There are two distinct requirements. A book may help us to understand, but the endeavour to find God in the Bible depends on ourselves: our Lord has described it in the words He that hath ears to hear let him hear.

In order to understand the Bible when we hear it read, we should study it at home. Some elementary aids to the study of it may be useful here; for further help we shall want books specially prepared for that {48} purpose, such as the Cambridge Companion to the Bible and The Cambridge Bible for Schools, &c.

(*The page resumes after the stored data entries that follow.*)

(* Let $A$ be a $[5,1]$ stabilizer tensor and $n,d\ge1$. For any $x\in\mathcal{P}_n$, $x\in S_L(A,n,d)$ if and only if $x$ commutes with every element of $\mathcal{Z}_L(A,n,d)$.
   Context: Pauli operators are considered modulo phases; $\mathcal{P}_n$ denotes the $n$-qubit Pauli group modulo phases. A $[5,1]$ stabilizer tensor is a tensor $A^{s}_{udlr}$ with all indices in $\{0,1\}$ such that the 5-qubit vector $\sum A^{s}_{udlr}|s,u,d,l,r\rangle$ is a stabilizer state; $s$ is the physical leg and $u,d,l,r$ are the virtual legs. Cylindrical stabilizer PEPS: place a copy of $A$ at every site $(i,j)$, $i\in\mathbb{Z}_n$, $j=1,\dots,d$. Contract the up leg of $(i,j)$ with the down leg of $(i+1,j)$ (indices mod $n$), and the right leg of $(i,j)$ with the left leg of $(i,j+1)$ for $j<d$; contract every physical leg with $|+\rangle$. The result is a stabilizer state on the $n$ left legs of column 1 (register $L$) and $n$ right legs of column $d$ (register $R$); $S(A,n,d)$ is its stabilizer group (mod phases). $S_L(A,n,d)\subseteq\mathcal{P}_n$ is the restriction of $S(A,n,d)$ to $L$ (the group of $L$-parts of its elements) and $\mathcal{Z}_L(A,n,d)$ is the center of $S_L(A,n,d)$. *)

From HB Require Import structures.
From mathcomp Require Import all_boot all_order all_algebra.
From mathcomp Require Import algC.
Set Implicit Arguments. Unset Strict Implicit. Unset Printing Implicit Defensive.
Import Order.TTheory GRing.Theory Num.Theory.
Local Open Scope ring_scope.

Definition bits (m : nat) := {ffun 'I_m -> bool}.

Definition state (m : nat) := bits m -> algC.

(** n-qubit Pauli operators modulo phases, in the standard symplectic
    representation: (a, b) stands for X^a Z^b = (X^a_1 Z^b_1) (x) ... *)
Definition pauli (m : nat) := (bits m * bits m)%type.

Definition xorb_bits m (s t : bits m) : bits m := [ffun i => s i (+) t i].

Definition dotb m (s t : bits m) : bool := \big[addb/false]_(i < m) (s i && t i).

(** Two Paulis anticommute iff their symplectic product is 1. *)
Definition symp m (p q : pauli m) : bool := dotb p.1 q.2 (+) dotb p.2 q.1.
Definition pcommute m (p q : pauli m) : bool := ~~ symp p q.

Definition pauli_act m (p : pauli m) (psi : state m) : state m :=
  fun t => let t' := xorb_bits t p.1 in
           (if dotb p.2 t' then -1 else 1) * psi t'.

Definition stabb m (psi : state m) (p : pauli m) : bool :=
  [exists k : 'I_4, [forall t, 'i ^+ k * pauli_act p psi t == psi t]].

Definition stab_group m (psi : state m) : {set pauli m} := [set p | stabb psi p].

Definition is_stabilizer_state m (psi : state m) : bool :=
  [exists t, psi t != 0] && (#|stab_group psi| == 2 ^ m)%N.

(** A [5,1] tensor A^s_{udlr}, given as A s u d l r. *)
Definition tensor := bool -> bool -> bool -> bool -> bool -> algC.

Definition tensor_vec (A : tensor) : state 5 :=
  fun t => A (t (inord 0)) (t (inord 1)) (t (inord 2)) (t (inord 3)) (t (inord 4)).

Definition is_stabilizer_tensor (A : tensor) : bool :=
  is_stabilizer_state (tensor_vec A).

(** Sites (i,j), i : 'I_n (cyclic), j : 'I_d (0-based
    columns).  Vertical bond variable w (i,j) = down leg of (i,j) = up leg of
    (i-1,j); so the up leg of (i,j) is w (i+1,j) (indices mod n).  Horizontal variables h (i,k), k : 'I_(d+1):
    site (i,j) has left leg h (i,j) and right leg h (i,j+1); h (i,0) is the
    open left leg of row i (register L) and h (i,d) the open right leg
    (register R).  Physical legs are contracted with |+>, i.e. summed over
    (the overall nonzero factor 2^(-nd/2) is dropped; it does not affect
    the stabilizer group). The output register is 'I_(n+n): L first, then R. *)
Definition ordS' n (i : 'I_n) : 'I_n :=
  match n return 'I_n -> 'I_n with 0 => fun i => i | n'.+1 => fun i => ordS i end i.

Definition peps_state (A : tensor) (n d : nat) : state (n + n) :=
  fun t =>
  \sum_(w : {ffun 'I_n * 'I_d -> bool})
  \sum_(h : {ffun 'I_n * 'I_d.+1 -> bool} |
          [forall i, (h (i, ord0) == t (lshift n i))
                     && (h (i, ord_max) == t (rshift n i))])
  \sum_(s : {ffun 'I_n * 'I_d -> bool})
  \prod_(ij : 'I_n * 'I_d)
     let i := ij.1 in let j := ij.2 in
     A (s ij) (w (ordS' i, j)) (w ij)
       (h (i, widen_ord (leqnSn d) j)) (h (i, lift ord0 j)).
Arguments peps_state : clear implicits.

Definition S_AND (A : tensor) (n d : nat) : {set pauli (n + n)} :=
  stab_group (peps_state A n d).

Definition restrL n (p : pauli (n + n)) : pauli n :=
  ([ffun i => p.1 (lshift n i)], [ffun i => p.2 (lshift n i)]).

Definition S_L (A : tensor) (n d : nat) : {set pauli n} :=
  [set restrL p | p in S_AND A n d].

Definition Z_L (A : tensor) (n d : nat) : {set pauli n} :=
  [set y in S_L A n d | [forall z in S_L A n d, pcommute y z]].

From mathcomp Require Import all_boot all_order all_algebra algC.
From mathcomp Require Import ring.
Set Implicit Arguments. Unset Strict Implicit. Unset Printing Implicit Defensive.
Import Order.TTheory GRing.Theory Num.Theory.

(* Paulis modulo phases form a symplectic F_2-space in which commuting means
   being orthogonal.  A coisotropic subspace W (perp W \subset W) is the
   commutant of its center, and restricting Paulis to a subset of the qubits
   preserves coisotropy; so it suffices to show that the stabilizer group S of
   the PEPS state is coisotropic.  The Paulis on all legs whose restriction to
   every site stabilizes A form a Lagrangian subspace P.  Let D be the group
   generated by X on physical legs and by XX and ZZ on bonds.  Inside the
   tensor network sum, an element of P commuting with D only permutes the
   summation variables, so the restrictions T of these elements to the open
   legs lie in S; and T is coisotropic, being the restriction of the
   coisotropic space (P :&: perp D) + D.  Hence
   perp S \subset perp T \subset T \subset S. *)

Section Symplectic.
Variable I : finType.

Definition pauli_on := ({ffun I -> bool} * {ffun I -> bool})%type.
Implicit Types (s t u : {ffun I -> bool}) (p q r w : pauli_on) (U W : {set pauli_on}).

Definition xorf s t : {ffun I -> bool} := [ffun i => s i (+) t i].
Definition zerof : {ffun I -> bool} := [ffun => false].
Definition padd p q : pauli_on := (xorf p.1 q.1, xorf p.2 q.2).
Definition pauli0 : pauli_on := (zerof, zerof).
Definition dotf s t : bool := \big[addb/false]_(i : I) (s i && t i).
Definition symf p q : bool := dotf p.1 q.2 (+) dotf p.2 q.1.

Definition perp W : {set pauli_on} := [set p | [forall w in W, ~~ symf p w]].
Definition sumset U W : {set pauli_on} := [set padd u w | u in U, w in W].
Definition subspace W : Prop := pauli0 \in W /\ {in W &, forall p q, padd p q \in W}.
Definition isotropic W : Prop := {in W &, forall p q, symf p q = false}.

Lemma xorfE s t i : xorf s t i = s i (+) t i. Proof. exact: ffunE. Qed.
Lemma xorfC s t : xorf s t = xorf t s.
Proof. by apply/ffunP => i; rewrite !xorfE addbC. Qed.
Lemma xorfA s t u : xorf s (xorf t u) = xorf (xorf s t) u.
Proof. by apply/ffunP => i; rewrite !xorfE addbA. Qed.
Lemma xorf0 s : xorf s zerof = s.
Proof. by apply/ffunP => i; rewrite xorfE ffunE addbF. Qed.
Lemma xorfK t s : xorf (xorf s t) t = s.
Proof. by apply/ffunP => i; rewrite !xorfE -addbA addbb addbF. Qed.

Lemma xorf_inj t : injective (xorf^~ t).
Proof. exact: (can_inj (g := xorf^~ t) (xorfK t)). Qed.

Lemma paddC p q : padd p q = padd q p.
Proof. by rewrite /padd xorfC (xorfC p.2). Qed.
Lemma paddA p q r : padd p (padd q r) = padd (padd p q) r.
Proof. by rewrite /padd !xorfA. Qed.
Lemma padd0 p : padd p pauli0 = p.
Proof. by case: p => a b; rewrite /padd /= !xorf0. Qed.
Lemma add0p p : padd pauli0 p = p.
Proof. by rewrite paddC padd0. Qed.
Lemma paddK q p : padd (padd p q) q = p.
Proof. by rewrite /padd /= !xorfK; case: p. Qed.

Lemma dotfC s t : dotf s t = dotf t s.
Proof. by apply: eq_bigr => i _; rewrite andbC. Qed.
Lemma dotfDl s t u : dotf (xorf s t) u = dotf s u (+) dotf t u.
Proof.
rewrite /dotf -big_split; apply: eq_bigr => i _.
by rewrite xorfE; case: (s i); case: (t i); case: (u i).
Qed.
Lemma dotfDr s t u : dotf u (xorf s t) = dotf u s (+) dotf u t.
Proof. by rewrite dotfC dotfDl !(dotfC u). Qed.
Lemma dotf0 t : dotf zerof t = false.
Proof. by rewrite /dotf big1 // => i _; rewrite ffunE. Qed.

Lemma symfC p q : symf p q = symf q p.
Proof. by rewrite /symf dotfC (dotfC p.2) addbC. Qed.
Lemma symfDl p q r : symf (padd p q) r = symf p r (+) symf q r.
Proof. by rewrite /symf /= !dotfDl addbACA. Qed.
Lemma symf0p p : symf pauli0 p = false.
Proof. by rewrite /symf !dotf0. Qed.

1. The Old Testament and the New Testament agree together: they have the same principles of morality, worship and doctrine. God's guidance of the writers is seen in this—the Old Testament, written at different times in the centuries before our Lord was Born, was such that the Gospel of the Revelation in Jesus was able to fit into it. As S. Augustine says,

"Novum Testamentum in Vetere latet,
Vetus Testamentum in Novo patet."

See also Article VII.

2. The failure of man to live well is shown in the Old Testament. Though he had favourable conditions and a holy law of life, a pure system of worship, and the discipline of warning and correction, the Israelite failed. Hence the Old Testament continually teaches (a) that God governs, (b) that man needs a Saviour.

3. The Old Testament consists of 3 parts (a) the Law and History, (b) the Psalms and Proverbs, (c) the Prophets.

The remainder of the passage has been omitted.